Which lines of the entries below contain the string "using"? Copy each one.

Stored data entries:
┌────────
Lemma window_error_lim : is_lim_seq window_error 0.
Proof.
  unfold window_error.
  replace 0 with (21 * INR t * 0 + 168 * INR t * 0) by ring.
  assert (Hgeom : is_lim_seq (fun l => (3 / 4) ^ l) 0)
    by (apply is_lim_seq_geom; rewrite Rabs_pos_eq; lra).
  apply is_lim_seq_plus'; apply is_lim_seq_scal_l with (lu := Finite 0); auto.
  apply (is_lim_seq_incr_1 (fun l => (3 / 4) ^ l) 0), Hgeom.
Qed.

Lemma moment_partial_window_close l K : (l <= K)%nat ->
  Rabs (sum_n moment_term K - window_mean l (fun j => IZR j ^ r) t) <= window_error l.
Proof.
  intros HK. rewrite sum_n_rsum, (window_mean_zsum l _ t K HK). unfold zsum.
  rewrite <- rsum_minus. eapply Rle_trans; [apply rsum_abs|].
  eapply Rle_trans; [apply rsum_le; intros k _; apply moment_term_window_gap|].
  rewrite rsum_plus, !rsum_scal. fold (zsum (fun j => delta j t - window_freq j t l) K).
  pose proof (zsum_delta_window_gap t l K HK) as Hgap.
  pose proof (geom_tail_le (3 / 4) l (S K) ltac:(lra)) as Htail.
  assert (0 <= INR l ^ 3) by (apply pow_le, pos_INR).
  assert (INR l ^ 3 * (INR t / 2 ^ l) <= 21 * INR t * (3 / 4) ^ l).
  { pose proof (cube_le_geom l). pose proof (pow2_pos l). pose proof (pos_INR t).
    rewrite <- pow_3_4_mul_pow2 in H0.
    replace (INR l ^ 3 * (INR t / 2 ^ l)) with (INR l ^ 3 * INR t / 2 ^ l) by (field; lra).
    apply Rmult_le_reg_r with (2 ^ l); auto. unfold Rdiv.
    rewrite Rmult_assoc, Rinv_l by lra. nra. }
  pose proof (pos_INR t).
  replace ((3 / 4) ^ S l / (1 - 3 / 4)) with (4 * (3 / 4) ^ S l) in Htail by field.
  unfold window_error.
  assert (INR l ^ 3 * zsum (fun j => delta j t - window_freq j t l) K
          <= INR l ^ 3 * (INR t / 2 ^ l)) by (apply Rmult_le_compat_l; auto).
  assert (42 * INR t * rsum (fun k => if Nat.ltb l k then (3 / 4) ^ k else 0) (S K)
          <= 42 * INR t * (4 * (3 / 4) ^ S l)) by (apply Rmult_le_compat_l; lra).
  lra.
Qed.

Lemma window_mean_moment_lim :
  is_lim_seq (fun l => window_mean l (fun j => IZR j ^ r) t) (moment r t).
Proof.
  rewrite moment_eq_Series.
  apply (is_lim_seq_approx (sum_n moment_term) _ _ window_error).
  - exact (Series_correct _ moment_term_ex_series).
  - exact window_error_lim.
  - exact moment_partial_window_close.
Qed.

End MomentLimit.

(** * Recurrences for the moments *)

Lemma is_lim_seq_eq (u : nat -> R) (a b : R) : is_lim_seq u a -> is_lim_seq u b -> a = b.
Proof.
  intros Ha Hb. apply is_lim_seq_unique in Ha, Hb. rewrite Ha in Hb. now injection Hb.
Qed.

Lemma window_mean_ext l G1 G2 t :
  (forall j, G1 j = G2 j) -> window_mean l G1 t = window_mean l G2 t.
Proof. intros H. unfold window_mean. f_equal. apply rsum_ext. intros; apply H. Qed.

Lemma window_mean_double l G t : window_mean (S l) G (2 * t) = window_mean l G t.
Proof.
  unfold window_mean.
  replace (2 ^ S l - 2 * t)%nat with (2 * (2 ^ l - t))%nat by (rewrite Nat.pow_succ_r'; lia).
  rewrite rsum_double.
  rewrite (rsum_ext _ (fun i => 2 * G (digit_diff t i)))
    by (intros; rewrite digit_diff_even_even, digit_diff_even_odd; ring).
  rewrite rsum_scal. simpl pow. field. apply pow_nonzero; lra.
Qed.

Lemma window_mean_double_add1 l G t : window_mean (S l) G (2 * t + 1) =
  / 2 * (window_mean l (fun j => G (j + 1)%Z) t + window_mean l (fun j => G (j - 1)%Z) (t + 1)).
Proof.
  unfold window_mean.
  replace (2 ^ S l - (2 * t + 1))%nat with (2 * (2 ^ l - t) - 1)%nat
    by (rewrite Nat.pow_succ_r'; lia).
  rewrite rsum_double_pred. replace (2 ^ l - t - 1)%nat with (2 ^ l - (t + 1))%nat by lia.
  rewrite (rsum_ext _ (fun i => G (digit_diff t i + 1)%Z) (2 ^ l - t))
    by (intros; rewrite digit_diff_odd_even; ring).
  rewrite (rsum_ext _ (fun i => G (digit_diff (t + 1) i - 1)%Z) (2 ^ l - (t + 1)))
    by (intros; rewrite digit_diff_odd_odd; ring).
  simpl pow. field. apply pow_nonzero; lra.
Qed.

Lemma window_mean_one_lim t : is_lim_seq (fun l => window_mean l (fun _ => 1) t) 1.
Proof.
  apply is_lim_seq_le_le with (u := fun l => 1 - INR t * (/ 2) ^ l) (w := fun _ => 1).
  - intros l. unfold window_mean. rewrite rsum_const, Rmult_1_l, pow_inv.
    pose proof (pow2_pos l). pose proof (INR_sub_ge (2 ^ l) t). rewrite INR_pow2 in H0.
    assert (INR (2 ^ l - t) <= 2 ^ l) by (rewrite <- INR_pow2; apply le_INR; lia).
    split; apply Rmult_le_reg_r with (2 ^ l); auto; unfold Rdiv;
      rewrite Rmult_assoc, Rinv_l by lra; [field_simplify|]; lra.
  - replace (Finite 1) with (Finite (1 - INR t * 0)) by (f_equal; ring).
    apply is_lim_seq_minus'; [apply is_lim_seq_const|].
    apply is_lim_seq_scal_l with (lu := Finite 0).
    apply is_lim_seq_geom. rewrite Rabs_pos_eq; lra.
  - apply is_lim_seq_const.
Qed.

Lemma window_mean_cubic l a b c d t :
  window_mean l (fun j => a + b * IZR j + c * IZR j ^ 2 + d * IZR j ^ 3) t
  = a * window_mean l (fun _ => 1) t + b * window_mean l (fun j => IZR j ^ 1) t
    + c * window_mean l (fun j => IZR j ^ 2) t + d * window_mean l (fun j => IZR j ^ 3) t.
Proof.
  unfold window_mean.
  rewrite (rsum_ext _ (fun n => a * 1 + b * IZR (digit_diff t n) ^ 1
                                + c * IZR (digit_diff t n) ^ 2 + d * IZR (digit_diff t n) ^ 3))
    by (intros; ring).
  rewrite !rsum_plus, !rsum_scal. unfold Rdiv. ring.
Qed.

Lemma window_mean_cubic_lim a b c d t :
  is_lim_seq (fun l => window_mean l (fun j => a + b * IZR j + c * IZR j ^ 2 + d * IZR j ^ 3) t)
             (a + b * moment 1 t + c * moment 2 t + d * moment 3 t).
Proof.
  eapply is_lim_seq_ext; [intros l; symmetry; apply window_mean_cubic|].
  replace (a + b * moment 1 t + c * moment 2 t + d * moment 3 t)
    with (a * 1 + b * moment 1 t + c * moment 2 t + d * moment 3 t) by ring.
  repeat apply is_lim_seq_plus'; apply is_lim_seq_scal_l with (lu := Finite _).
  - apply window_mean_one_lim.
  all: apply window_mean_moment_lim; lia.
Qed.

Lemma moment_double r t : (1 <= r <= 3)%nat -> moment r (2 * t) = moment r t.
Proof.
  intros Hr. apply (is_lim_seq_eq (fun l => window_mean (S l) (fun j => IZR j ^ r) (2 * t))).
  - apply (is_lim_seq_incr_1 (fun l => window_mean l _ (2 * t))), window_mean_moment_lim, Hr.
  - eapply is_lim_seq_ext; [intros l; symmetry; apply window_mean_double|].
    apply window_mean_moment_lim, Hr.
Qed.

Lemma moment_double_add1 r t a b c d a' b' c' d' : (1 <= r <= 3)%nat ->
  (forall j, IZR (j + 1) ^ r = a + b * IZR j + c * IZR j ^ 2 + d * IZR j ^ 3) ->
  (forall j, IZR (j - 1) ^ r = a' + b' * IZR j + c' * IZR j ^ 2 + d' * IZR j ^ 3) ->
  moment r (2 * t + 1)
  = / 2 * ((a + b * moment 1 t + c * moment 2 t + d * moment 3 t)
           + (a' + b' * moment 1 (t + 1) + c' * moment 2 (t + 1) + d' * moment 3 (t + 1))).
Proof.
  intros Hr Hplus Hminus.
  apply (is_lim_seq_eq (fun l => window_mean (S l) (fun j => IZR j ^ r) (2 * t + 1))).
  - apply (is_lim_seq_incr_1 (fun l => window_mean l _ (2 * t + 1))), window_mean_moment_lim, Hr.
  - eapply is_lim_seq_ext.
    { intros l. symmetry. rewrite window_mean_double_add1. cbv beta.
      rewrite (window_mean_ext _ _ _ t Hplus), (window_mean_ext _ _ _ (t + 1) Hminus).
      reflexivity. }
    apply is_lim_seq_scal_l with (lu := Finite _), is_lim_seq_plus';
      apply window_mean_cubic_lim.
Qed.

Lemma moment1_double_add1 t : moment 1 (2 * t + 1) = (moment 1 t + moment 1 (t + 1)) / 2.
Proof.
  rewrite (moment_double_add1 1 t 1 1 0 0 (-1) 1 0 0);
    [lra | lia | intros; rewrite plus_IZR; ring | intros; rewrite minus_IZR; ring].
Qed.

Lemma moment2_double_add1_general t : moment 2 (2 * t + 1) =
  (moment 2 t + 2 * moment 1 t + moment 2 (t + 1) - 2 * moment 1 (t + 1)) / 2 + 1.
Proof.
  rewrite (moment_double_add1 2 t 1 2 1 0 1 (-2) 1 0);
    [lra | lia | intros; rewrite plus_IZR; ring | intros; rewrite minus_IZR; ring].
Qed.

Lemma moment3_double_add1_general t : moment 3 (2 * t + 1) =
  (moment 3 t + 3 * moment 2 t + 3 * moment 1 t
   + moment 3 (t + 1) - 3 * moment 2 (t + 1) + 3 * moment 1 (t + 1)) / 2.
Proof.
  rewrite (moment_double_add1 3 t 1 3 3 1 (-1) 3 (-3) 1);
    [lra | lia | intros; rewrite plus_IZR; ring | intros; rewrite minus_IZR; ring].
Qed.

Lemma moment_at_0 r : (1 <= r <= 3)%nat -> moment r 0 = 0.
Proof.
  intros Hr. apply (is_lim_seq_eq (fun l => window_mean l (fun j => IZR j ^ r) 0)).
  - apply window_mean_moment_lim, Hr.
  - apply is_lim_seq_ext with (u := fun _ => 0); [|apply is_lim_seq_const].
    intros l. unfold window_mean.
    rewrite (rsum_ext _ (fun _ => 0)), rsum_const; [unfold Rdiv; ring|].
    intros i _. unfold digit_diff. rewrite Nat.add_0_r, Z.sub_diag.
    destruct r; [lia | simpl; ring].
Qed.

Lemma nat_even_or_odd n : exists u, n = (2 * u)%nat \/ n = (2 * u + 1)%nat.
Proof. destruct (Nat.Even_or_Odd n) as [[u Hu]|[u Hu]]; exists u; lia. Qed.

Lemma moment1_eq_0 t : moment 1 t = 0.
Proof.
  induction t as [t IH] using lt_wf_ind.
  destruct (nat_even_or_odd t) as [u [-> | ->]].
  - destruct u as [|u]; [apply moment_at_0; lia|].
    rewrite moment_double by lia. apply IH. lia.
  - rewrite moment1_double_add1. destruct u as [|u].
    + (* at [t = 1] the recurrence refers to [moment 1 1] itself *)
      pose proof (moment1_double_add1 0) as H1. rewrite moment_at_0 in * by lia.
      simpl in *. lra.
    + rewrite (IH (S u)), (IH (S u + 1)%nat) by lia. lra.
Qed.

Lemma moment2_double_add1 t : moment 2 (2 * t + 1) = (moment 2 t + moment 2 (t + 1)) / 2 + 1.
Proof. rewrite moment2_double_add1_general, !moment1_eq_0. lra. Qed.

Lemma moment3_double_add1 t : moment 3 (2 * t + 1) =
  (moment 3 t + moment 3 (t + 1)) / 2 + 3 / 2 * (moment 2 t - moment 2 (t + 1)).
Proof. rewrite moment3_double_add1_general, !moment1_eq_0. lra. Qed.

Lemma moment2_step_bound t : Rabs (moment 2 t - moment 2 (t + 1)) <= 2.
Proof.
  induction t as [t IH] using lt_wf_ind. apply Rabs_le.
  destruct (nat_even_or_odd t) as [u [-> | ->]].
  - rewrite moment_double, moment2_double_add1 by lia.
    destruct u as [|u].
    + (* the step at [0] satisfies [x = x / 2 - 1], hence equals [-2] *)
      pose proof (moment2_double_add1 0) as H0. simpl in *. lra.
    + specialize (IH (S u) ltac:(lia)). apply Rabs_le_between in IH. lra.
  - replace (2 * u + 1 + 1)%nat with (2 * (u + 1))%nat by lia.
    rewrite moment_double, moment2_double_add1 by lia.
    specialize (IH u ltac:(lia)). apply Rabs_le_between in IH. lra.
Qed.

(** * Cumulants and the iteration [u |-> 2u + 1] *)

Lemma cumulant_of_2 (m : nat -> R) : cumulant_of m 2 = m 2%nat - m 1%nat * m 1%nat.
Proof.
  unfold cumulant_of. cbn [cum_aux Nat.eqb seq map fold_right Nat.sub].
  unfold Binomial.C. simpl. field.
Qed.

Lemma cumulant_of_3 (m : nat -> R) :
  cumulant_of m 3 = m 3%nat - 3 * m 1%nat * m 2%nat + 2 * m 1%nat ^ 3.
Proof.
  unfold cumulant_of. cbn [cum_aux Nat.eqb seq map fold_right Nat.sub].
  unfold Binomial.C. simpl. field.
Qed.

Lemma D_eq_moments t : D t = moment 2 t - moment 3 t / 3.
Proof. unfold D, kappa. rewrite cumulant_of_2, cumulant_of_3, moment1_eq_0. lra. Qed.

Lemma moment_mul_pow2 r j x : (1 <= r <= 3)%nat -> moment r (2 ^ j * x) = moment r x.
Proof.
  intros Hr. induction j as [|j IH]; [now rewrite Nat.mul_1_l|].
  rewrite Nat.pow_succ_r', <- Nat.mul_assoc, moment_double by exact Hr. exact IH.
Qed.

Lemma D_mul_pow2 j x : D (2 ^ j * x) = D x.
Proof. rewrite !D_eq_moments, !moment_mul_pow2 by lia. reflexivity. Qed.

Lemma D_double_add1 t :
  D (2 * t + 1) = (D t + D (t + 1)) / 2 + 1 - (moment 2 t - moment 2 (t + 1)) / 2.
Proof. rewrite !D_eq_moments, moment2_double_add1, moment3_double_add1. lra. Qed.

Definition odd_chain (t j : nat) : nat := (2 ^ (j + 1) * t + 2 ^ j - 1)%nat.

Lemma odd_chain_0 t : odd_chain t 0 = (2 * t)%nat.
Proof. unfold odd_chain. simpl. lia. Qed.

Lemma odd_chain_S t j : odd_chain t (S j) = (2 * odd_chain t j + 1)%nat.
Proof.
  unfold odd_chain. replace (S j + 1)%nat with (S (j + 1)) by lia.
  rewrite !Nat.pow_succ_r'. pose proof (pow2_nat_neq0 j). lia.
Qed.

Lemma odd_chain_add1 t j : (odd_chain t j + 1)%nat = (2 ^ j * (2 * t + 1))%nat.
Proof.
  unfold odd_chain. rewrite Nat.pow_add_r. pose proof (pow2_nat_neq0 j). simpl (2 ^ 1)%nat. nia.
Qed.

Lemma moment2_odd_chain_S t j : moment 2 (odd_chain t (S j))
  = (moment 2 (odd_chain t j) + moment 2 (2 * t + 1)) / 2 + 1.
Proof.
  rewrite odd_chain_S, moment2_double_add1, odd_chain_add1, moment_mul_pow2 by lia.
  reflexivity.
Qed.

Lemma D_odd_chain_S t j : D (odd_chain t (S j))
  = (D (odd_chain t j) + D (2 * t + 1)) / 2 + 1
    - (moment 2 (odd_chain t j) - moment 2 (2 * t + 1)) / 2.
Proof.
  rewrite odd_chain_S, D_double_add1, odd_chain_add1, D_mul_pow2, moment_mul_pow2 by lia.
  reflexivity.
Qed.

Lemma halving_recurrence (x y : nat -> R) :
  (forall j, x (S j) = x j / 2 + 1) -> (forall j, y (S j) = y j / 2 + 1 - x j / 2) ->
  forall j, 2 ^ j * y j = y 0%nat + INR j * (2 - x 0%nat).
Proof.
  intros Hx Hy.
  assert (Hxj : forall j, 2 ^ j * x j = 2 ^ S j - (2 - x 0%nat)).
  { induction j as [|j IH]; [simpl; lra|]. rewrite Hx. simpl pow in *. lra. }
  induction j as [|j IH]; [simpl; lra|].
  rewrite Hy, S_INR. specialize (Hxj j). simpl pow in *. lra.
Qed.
└────────
┌────────
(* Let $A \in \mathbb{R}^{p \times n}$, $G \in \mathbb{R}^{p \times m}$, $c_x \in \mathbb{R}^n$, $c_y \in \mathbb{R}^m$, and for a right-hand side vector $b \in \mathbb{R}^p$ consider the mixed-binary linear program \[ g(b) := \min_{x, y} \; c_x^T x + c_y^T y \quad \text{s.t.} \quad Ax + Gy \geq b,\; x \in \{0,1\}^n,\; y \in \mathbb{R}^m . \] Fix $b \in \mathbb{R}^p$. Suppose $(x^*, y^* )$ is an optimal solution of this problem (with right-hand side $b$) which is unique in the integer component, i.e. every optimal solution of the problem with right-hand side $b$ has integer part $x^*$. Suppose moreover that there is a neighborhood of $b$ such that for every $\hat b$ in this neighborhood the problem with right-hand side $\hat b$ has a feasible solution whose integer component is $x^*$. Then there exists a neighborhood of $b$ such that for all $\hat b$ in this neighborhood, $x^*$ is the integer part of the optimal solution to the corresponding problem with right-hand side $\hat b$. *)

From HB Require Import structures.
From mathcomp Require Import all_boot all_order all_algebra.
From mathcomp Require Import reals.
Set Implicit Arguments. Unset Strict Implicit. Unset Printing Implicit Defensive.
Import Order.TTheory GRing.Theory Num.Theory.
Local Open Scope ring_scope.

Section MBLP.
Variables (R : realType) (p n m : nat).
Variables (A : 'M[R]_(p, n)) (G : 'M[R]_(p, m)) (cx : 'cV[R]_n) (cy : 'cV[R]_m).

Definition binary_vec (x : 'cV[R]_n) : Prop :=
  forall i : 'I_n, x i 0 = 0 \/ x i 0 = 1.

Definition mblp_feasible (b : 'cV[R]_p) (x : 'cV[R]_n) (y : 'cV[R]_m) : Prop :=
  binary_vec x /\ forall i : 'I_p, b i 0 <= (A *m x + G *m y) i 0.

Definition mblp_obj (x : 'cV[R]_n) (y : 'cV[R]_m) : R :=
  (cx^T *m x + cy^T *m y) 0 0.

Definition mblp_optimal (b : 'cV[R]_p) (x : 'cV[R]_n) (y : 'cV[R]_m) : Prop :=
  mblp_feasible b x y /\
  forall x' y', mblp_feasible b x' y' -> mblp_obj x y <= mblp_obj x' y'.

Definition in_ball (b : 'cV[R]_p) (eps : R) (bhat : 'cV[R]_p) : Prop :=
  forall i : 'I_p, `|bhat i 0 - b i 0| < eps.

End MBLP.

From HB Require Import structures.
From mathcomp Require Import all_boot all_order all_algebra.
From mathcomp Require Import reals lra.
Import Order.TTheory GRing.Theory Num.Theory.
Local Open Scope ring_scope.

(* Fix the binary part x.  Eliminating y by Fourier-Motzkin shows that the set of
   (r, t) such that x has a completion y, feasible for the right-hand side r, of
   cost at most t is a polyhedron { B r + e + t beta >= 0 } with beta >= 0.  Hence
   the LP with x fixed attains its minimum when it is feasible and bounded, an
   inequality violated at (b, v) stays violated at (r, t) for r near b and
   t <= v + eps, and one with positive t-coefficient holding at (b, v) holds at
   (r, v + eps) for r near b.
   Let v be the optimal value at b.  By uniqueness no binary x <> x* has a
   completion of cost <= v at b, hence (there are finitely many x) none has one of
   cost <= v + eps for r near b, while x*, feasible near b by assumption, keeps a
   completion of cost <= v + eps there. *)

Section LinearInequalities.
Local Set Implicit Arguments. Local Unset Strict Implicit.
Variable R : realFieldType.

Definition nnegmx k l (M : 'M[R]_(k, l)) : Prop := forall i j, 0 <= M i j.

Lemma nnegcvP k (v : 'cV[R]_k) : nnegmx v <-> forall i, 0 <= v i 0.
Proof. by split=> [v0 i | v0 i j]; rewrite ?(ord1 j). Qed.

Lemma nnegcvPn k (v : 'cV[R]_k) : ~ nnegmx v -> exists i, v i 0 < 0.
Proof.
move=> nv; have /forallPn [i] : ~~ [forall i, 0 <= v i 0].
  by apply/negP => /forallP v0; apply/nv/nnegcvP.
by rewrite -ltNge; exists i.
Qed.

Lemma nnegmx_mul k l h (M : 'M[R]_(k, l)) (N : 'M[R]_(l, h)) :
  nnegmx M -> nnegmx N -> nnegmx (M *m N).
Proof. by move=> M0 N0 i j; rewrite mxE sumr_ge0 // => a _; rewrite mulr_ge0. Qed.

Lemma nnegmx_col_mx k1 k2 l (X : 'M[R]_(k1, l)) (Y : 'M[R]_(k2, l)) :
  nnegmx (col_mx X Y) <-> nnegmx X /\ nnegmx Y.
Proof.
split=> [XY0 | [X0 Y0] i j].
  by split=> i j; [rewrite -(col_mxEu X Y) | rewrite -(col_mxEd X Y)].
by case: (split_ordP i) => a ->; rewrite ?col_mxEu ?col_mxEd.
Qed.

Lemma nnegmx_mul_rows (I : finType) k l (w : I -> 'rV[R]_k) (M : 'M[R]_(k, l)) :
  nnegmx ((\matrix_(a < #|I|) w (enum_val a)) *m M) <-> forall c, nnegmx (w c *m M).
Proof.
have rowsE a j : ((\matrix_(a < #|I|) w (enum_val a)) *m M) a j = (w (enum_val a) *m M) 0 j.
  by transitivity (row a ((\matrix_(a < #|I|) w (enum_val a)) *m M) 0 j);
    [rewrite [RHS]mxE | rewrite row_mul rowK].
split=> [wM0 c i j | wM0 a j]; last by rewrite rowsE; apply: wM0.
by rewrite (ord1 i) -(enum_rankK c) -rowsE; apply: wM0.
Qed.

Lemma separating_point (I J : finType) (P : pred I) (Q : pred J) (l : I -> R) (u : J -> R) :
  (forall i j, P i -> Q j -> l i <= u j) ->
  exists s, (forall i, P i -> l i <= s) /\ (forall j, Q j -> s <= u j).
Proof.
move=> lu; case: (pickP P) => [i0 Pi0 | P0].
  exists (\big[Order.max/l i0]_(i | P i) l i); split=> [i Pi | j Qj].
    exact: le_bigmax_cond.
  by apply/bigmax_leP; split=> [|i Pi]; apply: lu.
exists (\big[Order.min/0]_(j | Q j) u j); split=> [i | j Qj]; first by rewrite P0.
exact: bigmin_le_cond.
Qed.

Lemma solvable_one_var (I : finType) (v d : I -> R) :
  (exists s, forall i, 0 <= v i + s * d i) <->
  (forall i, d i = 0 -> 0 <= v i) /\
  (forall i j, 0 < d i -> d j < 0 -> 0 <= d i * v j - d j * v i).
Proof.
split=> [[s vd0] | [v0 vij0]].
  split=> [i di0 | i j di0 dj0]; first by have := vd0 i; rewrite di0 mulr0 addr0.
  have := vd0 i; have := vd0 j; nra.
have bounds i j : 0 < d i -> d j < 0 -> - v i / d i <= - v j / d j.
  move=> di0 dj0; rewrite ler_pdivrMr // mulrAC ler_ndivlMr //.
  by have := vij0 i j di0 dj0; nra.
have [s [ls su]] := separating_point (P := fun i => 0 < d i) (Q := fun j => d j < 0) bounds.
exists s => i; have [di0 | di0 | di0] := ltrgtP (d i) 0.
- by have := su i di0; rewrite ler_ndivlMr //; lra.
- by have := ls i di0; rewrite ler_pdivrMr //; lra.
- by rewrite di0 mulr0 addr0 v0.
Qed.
└────────
» **Response to this task**:
  induction t as [t IH] using lt_wf_ind.
  induction t as [t IH] using lt_wf_ind. apply Rabs_le.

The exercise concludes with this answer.